═══ Information given
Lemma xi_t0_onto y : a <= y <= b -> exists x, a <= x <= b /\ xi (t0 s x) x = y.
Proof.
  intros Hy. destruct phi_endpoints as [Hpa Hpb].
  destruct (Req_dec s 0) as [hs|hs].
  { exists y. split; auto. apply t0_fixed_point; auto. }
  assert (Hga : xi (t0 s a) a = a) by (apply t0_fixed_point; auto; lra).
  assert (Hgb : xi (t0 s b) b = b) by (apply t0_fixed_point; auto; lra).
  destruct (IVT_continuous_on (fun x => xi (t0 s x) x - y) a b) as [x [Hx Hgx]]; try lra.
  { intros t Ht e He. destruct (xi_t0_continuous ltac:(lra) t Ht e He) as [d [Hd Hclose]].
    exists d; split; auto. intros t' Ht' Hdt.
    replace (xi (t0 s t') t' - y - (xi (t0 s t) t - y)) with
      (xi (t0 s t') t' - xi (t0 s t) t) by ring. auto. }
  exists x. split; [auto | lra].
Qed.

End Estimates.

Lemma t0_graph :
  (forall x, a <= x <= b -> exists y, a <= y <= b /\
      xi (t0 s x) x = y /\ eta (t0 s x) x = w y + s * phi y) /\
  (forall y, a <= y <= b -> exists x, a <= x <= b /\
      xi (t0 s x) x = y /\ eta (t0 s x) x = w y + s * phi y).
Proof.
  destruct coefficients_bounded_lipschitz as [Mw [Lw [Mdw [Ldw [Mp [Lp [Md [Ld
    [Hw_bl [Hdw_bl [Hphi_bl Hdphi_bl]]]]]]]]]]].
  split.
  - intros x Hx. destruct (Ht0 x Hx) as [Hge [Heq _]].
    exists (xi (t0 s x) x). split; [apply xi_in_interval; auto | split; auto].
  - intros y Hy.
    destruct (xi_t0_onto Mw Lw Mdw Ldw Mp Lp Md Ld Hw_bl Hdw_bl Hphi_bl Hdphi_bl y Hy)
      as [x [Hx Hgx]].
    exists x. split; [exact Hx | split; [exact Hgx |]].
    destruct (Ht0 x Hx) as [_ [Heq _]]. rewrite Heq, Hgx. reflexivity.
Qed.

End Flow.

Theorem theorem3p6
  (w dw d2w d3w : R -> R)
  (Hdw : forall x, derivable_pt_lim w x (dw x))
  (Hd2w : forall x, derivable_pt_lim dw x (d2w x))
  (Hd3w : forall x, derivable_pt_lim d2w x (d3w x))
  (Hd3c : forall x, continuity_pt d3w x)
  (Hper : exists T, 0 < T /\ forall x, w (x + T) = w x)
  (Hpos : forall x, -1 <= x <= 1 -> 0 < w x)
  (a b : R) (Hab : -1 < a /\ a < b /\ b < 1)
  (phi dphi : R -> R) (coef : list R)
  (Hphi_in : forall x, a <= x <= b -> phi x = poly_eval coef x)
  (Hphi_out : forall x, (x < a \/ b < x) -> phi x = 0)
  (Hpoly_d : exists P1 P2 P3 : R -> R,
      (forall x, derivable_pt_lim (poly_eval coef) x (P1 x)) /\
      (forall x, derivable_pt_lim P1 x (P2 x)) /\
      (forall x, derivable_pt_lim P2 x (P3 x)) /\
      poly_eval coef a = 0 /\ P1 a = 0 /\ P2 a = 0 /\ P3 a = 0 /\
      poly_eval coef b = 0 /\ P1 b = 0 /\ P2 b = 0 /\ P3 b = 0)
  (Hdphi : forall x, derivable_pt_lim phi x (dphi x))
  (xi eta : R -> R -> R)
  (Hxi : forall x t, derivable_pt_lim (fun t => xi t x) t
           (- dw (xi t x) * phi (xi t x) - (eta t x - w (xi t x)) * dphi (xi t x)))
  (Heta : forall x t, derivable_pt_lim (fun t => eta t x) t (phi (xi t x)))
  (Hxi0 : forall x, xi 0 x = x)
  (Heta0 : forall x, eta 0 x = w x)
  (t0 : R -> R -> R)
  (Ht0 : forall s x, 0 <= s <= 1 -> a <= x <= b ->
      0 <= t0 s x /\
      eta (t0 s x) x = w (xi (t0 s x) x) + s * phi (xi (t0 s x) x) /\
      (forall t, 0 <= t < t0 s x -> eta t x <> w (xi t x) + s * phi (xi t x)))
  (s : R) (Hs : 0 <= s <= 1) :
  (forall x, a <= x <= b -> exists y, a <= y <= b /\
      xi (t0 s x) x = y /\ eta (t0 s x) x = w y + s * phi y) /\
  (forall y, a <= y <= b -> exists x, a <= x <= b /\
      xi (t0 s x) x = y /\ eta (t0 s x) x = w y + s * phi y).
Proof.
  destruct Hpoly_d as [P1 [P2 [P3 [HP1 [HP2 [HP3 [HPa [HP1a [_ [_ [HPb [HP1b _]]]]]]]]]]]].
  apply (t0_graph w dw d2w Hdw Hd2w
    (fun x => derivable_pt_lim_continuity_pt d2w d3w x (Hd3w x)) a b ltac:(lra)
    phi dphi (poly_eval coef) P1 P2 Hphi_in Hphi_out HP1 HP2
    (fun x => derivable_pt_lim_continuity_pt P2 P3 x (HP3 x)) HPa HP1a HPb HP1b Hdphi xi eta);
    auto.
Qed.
══════
* Assigned task *
Repeat, word for word, every line from the line that contains "poly_eval coef b" to the end of the entries; include both of those lines and no others.

* Task answer *
      poly_eval coef b = 0 /\ P1 b = 0 /\ P2 b = 0 /\ P3 b = 0)
  (Hdphi : forall x, derivable_pt_lim phi x (dphi x))
  (xi eta : R -> R -> R)
  (Hxi : forall x t, derivable_pt_lim (fun t => xi t x) t
           (- dw (xi t x) * phi (xi t x) - (eta t x - w (xi t x)) * dphi (xi t x)))
  (Heta : forall x t, derivable_pt_lim (fun t => eta t x) t (phi (xi t x)))
  (Hxi0 : forall x, xi 0 x = x)
  (Heta0 : forall x, eta 0 x = w x)
  (t0 : R -> R -> R)
  (Ht0 : forall s x, 0 <= s <= 1 -> a <= x <= b ->
      0 <= t0 s x /\
      eta (t0 s x) x = w (xi (t0 s x) x) + s * phi (xi (t0 s x) x) /\
      (forall t, 0 <= t < t0 s x -> eta t x <> w (xi t x) + s * phi (xi t x)))
  (s : R) (Hs : 0 <= s <= 1) :
  (forall x, a <= x <= b -> exists y, a <= y <= b /\
      xi (t0 s x) x = y /\ eta (t0 s x) x = w y + s * phi y) /\
  (forall y, a <= y <= b -> exists x, a <= x <= b /\
      xi (t0 s x) x = y /\ eta (t0 s x) x = w y + s * phi y).
Proof.
  destruct Hpoly_d as [P1 [P2 [P3 [HP1 [HP2 [HP3 [HPa [HP1a [_ [_ [HPb [HP1b _]]]]]]]]]]]].
  apply (t0_graph w dw d2w Hdw Hd2w
    (fun x => derivable_pt_lim_continuity_pt d2w d3w x (Hd3w x)) a b ltac:(lra)
    phi dphi (poly_eval coef) P1 P2 Hphi_in Hphi_out HP1 HP2
    (fun x => derivable_pt_lim_continuity_pt P2 P3 x (HP3 x)) HPa HP1a HPb HP1b Hdphi xi eta);
    auto.
Qed.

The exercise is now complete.